(AIM OF THE TASK) Count how many lines in this material contain "pose". The answer is that number alone.

(DATASET CONTENT)
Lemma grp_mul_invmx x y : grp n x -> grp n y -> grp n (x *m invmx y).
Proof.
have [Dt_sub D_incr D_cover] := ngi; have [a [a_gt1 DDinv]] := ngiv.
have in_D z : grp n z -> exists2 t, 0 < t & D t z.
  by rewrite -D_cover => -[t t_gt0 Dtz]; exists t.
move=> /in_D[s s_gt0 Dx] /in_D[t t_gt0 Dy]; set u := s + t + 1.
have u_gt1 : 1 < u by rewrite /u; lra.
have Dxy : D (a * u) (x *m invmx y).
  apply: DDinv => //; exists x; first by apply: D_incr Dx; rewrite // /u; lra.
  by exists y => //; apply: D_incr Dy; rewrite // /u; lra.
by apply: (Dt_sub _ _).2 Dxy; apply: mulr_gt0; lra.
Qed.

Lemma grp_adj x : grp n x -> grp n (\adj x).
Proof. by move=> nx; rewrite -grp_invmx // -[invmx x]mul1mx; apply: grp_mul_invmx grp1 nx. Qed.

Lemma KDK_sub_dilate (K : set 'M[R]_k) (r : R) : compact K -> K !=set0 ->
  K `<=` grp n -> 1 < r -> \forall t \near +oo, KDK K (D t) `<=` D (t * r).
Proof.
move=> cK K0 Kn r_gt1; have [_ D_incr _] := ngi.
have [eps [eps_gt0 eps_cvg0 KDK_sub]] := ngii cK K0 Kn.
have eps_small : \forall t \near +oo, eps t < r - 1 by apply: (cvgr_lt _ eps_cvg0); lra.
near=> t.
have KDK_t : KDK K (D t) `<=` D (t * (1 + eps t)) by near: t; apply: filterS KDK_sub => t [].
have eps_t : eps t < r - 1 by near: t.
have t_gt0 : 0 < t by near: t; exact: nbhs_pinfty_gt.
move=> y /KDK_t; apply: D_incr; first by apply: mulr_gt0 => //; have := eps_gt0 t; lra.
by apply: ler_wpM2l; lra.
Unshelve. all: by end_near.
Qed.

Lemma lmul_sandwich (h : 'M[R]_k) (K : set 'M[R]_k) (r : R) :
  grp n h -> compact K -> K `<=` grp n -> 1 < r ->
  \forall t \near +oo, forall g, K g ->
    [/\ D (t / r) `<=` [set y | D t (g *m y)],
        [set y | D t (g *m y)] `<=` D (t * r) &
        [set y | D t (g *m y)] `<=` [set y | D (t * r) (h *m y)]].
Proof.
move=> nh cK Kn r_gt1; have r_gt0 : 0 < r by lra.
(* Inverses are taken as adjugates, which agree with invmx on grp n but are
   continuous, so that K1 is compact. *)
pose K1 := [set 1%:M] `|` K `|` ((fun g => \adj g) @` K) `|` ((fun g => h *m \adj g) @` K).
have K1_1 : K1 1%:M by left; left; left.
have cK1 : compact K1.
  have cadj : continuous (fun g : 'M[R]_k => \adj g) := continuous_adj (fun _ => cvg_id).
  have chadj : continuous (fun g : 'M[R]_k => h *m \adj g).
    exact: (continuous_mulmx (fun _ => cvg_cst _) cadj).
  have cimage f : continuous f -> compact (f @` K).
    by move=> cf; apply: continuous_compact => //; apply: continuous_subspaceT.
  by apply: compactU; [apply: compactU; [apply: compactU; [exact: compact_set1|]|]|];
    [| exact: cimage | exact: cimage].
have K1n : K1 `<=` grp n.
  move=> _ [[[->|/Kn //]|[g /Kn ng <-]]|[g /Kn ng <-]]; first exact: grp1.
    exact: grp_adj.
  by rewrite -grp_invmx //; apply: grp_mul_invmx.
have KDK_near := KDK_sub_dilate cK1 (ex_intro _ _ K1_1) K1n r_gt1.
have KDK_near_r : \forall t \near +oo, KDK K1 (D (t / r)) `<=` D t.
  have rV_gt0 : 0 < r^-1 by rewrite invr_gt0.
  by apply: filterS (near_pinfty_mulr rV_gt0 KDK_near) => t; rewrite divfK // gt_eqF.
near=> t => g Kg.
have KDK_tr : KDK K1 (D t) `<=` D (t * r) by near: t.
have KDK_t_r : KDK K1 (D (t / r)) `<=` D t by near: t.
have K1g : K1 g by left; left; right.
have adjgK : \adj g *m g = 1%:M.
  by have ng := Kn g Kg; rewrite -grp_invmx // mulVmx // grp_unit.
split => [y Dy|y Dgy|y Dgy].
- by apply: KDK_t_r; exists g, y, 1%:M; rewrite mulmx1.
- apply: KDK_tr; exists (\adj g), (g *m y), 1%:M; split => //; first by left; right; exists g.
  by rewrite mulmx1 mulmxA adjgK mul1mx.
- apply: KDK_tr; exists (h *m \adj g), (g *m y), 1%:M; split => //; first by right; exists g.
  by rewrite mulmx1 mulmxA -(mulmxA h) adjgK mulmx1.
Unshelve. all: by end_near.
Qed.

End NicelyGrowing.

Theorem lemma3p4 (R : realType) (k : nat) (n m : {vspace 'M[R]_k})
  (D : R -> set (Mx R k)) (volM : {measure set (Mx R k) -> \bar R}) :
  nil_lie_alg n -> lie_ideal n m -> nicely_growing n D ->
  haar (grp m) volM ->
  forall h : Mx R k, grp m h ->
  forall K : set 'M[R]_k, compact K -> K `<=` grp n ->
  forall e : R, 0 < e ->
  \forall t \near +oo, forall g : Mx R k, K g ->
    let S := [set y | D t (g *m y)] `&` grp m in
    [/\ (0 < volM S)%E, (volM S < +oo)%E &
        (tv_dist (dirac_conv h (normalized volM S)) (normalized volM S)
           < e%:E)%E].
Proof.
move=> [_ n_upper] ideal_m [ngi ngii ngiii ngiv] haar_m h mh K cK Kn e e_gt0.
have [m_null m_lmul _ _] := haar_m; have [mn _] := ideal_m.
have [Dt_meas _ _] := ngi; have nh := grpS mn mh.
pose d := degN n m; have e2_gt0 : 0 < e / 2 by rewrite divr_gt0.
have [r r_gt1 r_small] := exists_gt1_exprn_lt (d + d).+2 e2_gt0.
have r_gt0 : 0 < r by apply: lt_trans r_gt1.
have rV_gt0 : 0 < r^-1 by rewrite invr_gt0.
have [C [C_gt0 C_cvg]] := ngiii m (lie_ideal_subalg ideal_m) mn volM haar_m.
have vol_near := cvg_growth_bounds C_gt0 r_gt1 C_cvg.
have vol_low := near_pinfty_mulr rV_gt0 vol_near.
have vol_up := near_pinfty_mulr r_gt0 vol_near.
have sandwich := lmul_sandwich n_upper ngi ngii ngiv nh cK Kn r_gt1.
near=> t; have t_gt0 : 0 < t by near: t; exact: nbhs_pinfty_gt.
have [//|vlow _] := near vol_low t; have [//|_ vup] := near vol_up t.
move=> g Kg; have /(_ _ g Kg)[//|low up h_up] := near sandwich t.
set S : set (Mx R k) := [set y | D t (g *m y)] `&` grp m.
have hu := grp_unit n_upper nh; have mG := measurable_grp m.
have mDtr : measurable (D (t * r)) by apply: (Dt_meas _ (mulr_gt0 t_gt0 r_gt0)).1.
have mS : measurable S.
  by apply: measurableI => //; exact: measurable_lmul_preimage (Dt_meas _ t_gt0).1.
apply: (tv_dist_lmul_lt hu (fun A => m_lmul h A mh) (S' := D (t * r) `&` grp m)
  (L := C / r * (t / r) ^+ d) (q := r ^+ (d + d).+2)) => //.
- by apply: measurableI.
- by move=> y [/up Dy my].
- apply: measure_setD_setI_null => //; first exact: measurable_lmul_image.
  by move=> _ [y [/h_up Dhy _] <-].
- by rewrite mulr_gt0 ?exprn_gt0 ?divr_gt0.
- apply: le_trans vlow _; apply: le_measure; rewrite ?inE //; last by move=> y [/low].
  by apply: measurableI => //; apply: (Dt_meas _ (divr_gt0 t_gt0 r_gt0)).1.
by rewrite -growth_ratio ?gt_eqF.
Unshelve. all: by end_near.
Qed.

...

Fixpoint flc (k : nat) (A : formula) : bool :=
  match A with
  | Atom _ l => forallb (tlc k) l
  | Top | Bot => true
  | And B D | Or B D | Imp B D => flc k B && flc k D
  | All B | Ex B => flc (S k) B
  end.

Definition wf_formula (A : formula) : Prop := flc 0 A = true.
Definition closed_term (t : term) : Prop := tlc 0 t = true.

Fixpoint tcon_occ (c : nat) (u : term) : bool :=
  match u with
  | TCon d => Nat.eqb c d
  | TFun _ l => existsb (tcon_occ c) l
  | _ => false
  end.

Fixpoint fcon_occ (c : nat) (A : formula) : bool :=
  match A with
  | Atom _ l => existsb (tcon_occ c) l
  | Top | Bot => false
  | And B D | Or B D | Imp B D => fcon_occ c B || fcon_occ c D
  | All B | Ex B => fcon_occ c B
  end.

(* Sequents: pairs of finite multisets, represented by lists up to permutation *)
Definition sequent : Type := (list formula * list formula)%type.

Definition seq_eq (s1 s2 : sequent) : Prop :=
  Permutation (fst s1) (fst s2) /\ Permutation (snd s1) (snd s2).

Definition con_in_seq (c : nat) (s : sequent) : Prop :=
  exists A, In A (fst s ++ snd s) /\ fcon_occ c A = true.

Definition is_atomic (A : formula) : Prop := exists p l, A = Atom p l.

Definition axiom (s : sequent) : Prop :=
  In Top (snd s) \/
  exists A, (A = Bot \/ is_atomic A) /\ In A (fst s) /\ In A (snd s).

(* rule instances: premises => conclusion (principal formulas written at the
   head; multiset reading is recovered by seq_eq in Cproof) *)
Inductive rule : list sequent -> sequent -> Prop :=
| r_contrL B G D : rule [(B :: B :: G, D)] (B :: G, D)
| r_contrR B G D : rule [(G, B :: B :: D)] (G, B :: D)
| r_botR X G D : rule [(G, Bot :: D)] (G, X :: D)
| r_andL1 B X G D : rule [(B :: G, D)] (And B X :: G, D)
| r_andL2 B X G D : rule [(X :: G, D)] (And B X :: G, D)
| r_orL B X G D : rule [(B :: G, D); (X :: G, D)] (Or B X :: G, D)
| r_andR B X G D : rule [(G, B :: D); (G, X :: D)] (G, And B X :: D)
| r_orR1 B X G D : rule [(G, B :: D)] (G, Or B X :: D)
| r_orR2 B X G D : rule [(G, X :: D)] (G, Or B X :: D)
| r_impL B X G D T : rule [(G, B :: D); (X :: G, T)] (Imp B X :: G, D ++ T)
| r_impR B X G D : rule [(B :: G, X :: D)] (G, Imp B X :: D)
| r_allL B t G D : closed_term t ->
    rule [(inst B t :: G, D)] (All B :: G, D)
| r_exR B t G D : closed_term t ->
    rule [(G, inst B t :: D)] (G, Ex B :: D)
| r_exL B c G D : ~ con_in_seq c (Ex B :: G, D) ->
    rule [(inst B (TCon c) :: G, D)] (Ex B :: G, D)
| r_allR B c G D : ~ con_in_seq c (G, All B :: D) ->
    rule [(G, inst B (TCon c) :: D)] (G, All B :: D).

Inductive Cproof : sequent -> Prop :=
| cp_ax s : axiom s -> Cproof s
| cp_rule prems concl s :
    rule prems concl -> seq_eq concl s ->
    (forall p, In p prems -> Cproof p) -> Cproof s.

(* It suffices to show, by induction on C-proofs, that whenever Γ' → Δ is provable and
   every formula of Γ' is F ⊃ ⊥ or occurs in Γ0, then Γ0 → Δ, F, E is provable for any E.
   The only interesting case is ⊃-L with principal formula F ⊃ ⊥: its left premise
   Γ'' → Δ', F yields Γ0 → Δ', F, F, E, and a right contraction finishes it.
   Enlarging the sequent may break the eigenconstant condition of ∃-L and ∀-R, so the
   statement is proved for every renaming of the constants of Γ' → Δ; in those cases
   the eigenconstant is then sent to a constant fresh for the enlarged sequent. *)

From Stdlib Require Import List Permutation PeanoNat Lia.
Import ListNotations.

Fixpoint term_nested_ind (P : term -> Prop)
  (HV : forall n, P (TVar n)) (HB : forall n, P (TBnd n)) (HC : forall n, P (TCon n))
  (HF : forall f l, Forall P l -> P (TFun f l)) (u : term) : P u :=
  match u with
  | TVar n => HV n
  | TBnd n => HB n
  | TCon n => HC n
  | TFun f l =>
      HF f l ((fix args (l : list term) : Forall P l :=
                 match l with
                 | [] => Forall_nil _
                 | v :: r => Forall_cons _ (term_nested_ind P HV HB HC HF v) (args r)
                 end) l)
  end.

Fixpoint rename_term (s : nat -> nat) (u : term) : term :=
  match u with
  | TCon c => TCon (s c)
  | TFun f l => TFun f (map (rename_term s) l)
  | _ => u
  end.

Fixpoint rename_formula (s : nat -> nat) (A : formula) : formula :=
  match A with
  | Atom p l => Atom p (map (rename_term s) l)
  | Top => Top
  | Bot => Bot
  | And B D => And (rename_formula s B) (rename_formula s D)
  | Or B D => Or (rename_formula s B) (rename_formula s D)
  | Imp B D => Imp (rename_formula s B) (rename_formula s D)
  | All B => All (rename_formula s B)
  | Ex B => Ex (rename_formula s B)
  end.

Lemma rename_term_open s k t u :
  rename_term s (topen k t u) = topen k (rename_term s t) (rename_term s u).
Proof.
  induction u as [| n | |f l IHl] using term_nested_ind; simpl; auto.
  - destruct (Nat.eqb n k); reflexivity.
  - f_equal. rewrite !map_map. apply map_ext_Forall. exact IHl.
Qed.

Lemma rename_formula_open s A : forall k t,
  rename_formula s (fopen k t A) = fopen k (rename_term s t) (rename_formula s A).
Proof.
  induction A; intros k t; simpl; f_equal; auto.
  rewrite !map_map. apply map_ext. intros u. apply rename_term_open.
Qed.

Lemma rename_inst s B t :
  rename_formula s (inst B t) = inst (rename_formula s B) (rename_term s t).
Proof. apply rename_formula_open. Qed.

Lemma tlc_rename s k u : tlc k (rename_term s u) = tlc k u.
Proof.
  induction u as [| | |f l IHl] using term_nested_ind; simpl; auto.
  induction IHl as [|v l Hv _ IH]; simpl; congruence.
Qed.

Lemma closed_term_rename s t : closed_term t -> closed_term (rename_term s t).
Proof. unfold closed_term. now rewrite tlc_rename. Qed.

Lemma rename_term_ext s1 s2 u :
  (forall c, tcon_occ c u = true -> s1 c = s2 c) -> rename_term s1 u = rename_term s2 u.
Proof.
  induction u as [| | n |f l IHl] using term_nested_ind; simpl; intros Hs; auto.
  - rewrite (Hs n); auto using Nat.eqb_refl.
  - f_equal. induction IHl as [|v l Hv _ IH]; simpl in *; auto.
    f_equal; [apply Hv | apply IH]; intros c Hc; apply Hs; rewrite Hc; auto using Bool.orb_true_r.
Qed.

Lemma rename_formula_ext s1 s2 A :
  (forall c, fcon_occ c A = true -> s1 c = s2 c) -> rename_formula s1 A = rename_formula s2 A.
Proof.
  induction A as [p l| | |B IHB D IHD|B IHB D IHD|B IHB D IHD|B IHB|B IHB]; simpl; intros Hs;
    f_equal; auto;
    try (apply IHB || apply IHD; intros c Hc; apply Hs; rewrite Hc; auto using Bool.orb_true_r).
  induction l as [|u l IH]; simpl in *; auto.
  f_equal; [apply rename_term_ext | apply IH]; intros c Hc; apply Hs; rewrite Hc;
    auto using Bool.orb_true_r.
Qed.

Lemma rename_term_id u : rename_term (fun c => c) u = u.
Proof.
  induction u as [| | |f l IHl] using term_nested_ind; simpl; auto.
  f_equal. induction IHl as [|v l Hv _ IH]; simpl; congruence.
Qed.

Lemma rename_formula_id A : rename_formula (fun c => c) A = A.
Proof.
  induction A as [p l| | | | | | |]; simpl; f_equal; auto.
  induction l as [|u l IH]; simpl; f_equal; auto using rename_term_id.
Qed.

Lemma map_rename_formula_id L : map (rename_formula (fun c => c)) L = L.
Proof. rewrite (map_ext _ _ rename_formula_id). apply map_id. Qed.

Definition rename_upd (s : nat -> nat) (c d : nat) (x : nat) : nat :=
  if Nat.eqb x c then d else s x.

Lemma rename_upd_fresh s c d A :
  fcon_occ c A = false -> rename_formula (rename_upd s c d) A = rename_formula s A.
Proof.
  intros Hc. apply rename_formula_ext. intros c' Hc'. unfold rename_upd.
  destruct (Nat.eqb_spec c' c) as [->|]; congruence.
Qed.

--

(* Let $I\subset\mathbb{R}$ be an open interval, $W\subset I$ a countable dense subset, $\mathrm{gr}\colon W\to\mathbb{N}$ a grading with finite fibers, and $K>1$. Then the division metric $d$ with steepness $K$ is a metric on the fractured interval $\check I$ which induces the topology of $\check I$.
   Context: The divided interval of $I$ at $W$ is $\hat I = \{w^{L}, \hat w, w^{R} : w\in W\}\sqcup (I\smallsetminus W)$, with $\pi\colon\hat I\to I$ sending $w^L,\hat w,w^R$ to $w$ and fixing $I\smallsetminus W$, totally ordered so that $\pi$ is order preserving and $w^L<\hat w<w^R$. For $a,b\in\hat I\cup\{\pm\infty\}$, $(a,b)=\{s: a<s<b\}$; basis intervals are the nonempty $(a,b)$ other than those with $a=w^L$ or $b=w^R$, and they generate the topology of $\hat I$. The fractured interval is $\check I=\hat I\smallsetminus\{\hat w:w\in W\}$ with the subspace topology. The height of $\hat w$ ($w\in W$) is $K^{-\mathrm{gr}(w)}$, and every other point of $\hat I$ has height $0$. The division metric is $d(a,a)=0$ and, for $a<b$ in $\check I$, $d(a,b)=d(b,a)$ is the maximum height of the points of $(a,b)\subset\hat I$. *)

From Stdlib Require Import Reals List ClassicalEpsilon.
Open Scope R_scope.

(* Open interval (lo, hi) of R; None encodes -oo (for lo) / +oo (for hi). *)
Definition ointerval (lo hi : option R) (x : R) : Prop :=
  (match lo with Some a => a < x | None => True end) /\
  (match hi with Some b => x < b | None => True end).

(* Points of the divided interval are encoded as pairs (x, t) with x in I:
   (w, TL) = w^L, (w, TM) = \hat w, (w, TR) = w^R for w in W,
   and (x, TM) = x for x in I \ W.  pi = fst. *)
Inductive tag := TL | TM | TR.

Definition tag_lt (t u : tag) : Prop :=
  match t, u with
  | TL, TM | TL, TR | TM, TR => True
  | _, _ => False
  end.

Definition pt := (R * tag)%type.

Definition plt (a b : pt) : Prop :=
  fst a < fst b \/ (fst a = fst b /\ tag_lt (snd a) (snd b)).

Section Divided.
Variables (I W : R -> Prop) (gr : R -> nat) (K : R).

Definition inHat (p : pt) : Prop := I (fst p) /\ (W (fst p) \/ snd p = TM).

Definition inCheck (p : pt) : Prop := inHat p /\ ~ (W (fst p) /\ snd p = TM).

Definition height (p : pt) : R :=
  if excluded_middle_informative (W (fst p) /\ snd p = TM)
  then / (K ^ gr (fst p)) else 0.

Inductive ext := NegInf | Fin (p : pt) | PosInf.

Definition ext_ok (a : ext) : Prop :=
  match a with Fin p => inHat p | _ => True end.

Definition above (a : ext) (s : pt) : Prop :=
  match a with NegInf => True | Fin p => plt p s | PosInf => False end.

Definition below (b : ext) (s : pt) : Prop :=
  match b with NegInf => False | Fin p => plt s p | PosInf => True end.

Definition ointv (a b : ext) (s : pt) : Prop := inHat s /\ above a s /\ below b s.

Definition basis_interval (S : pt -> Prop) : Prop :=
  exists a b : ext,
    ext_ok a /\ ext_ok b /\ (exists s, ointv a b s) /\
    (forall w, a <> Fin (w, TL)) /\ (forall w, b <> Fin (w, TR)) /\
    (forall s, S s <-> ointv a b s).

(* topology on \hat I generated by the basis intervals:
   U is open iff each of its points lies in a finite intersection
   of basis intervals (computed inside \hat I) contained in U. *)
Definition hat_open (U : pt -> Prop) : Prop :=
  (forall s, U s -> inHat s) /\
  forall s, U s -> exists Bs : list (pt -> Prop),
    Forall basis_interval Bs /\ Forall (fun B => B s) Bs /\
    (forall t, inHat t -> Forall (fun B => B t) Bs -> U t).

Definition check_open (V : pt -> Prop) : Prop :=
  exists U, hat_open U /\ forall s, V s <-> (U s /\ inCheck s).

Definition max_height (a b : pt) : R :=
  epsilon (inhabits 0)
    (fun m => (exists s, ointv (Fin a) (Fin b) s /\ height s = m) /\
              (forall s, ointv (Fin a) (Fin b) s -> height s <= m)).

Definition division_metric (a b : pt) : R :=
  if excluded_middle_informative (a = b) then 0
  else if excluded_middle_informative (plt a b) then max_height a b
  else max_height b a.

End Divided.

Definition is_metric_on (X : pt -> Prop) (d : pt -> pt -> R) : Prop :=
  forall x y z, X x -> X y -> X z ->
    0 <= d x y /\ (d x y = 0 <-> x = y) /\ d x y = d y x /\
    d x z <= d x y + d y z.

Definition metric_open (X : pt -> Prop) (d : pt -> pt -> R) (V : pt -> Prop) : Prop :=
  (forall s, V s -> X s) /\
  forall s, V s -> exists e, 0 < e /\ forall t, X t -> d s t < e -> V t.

(EXERCISE RESULT) 2